» **Problem to work on**
Return the lines from the line containing "HB.instance Definition _ := GRing.isLinear.Build _ _ _ _ (tang" onward. Each must match exactly, and the last line of the listing below must be included.

── Supplied entries

(* Because tr(v, 0) = n x v and tr(0, w) = n x w x n, injectivity of tr on
   Vt^perp x Wt_c^perp makes v |-> n x v and w |-> n x w x n injective linear
   maps on Vt^perp and Wt_c^perp, and injective linear maps preserve dimension.
   The analytic input is that these L^2(K)-orthogonal complements are
   subspaces: K is open and bounded, hence measurable with finite measure, and
   products of polynomials are bounded and measurable on K, so the integrals
   defining orthogonality are linear. *)

Section InjectiveImage.
Variables (F : fieldType) (E1 E2 : lmodType F) (f : {linear E1 -> E2}) (S : set E1).
(* [subspace] alone would denote the subspace topology of mathcomp-analysis. *)
Hypothesis S_subspace : Defs.subspace S.
Hypothesis f_inj : forall x y, S x -> S y -> f x = f y -> x = y.

Lemma subspace_lincomb d (c : 'I_d -> F) (b : 'I_d -> E1) :
  (forall i, S (b i)) -> S (\sum_(i < d) c i *: b i).
Proof.
move=> Sb; have [S0 Scl] : Defs.subspace S := S_subspace.
by elim/big_rec: _ => [|i y _ Sy] //; apply: Scl.
Qed.

Lemma has_dim_injective_image d : has_dim [set f x | x in S] d <-> has_dim S d.
Proof.
split.
- case=> e [Se e_free e_span].
  have /choice [s s_pre] : forall i, exists x, S x /\ f x = e i.
    by move=> i; case: (Se i) => x Sx <-; exists x.
  have f_comb c : f (\sum_(i < d) c i *: s i) = \sum_(i < d) c i *: e i.
    by rewrite linear_sum; apply: eq_bigr => i _; rewrite linearZ (s_pre i).2.
  have Ss i : S (s i) by case: (s_pre i).
  exists s; split => //.
  + by move=> c c0; apply: e_free; rewrite -f_comb c0 linear0.
  + move=> x Sx; have [|c fx] := e_span (f x); first by exists x.
    by exists c; apply: f_inj => //; [exact: subspace_lincomb | rewrite f_comb].
- case=> b [Sb b_free b_span]; exists (f \o b); split.
  + by move=> i; exists (b i).
  + move=> c c0; apply: b_free; apply: f_inj.
    * exact: subspace_lincomb.
    * exact: (proj1 S_subspace).
    * by rewrite linear_sum linear0 -[RHS]c0; apply: eq_bigr => i _; rewrite linearZ.
  + move=> _ [x Sx <-]; case: (b_span x Sx) => c ->; exists c.
    by rewrite linear_sum; apply: eq_bigr => i _; rewrite linearZ.
Qed.
End InjectiveImage.

Section Traces.
Variables (R : realType) (m : nat) (vx : 'I_m -> R * R) (nrm : R * R -> R * R).

Lemma gam_is_linear : linear (gam vx nrm).
Proof.
move=> a p q; apply: funext => x; rewrite /gam /ev !mevalD !mevalZ.
by apply: injective_projections => /=; rewrite -[a *: _]/(a * _); ring.
Qed.
HB.instance Definition _ := GRing.isLinear.Build _ _ _ _ (gam vx nrm) gam_is_linear.

Lemma tang_is_linear : linear (tang vx nrm).
Proof.
move=> a [p1 p2] [q1 q2]; apply: funext => x.
rewrite /tang /ev /= !mevalD !mevalZ.
by apply: injective_projections => /=; rewrite -[a *: _]/(a * _); ring.
Qed.
HB.instance Definition _ := GRing.isLinear.Build _ _ _ _ (tang vx nrm) tang_is_linear.

Lemma trc_gam p : trc vx nrm p 0 = gam vx nrm p.
Proof. by rewrite /trc linear0 addr0. Qed.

────

» **Result of this exercise**
HB.instance Definition _ := GRing.isLinear.Build _ _ _ _ (tang vx nrm) tang_is_linear.

Lemma trc_gam p : trc vx nrm p 0 = gam vx nrm p.
Proof. by rewrite /trc linear0 addr0. Qed.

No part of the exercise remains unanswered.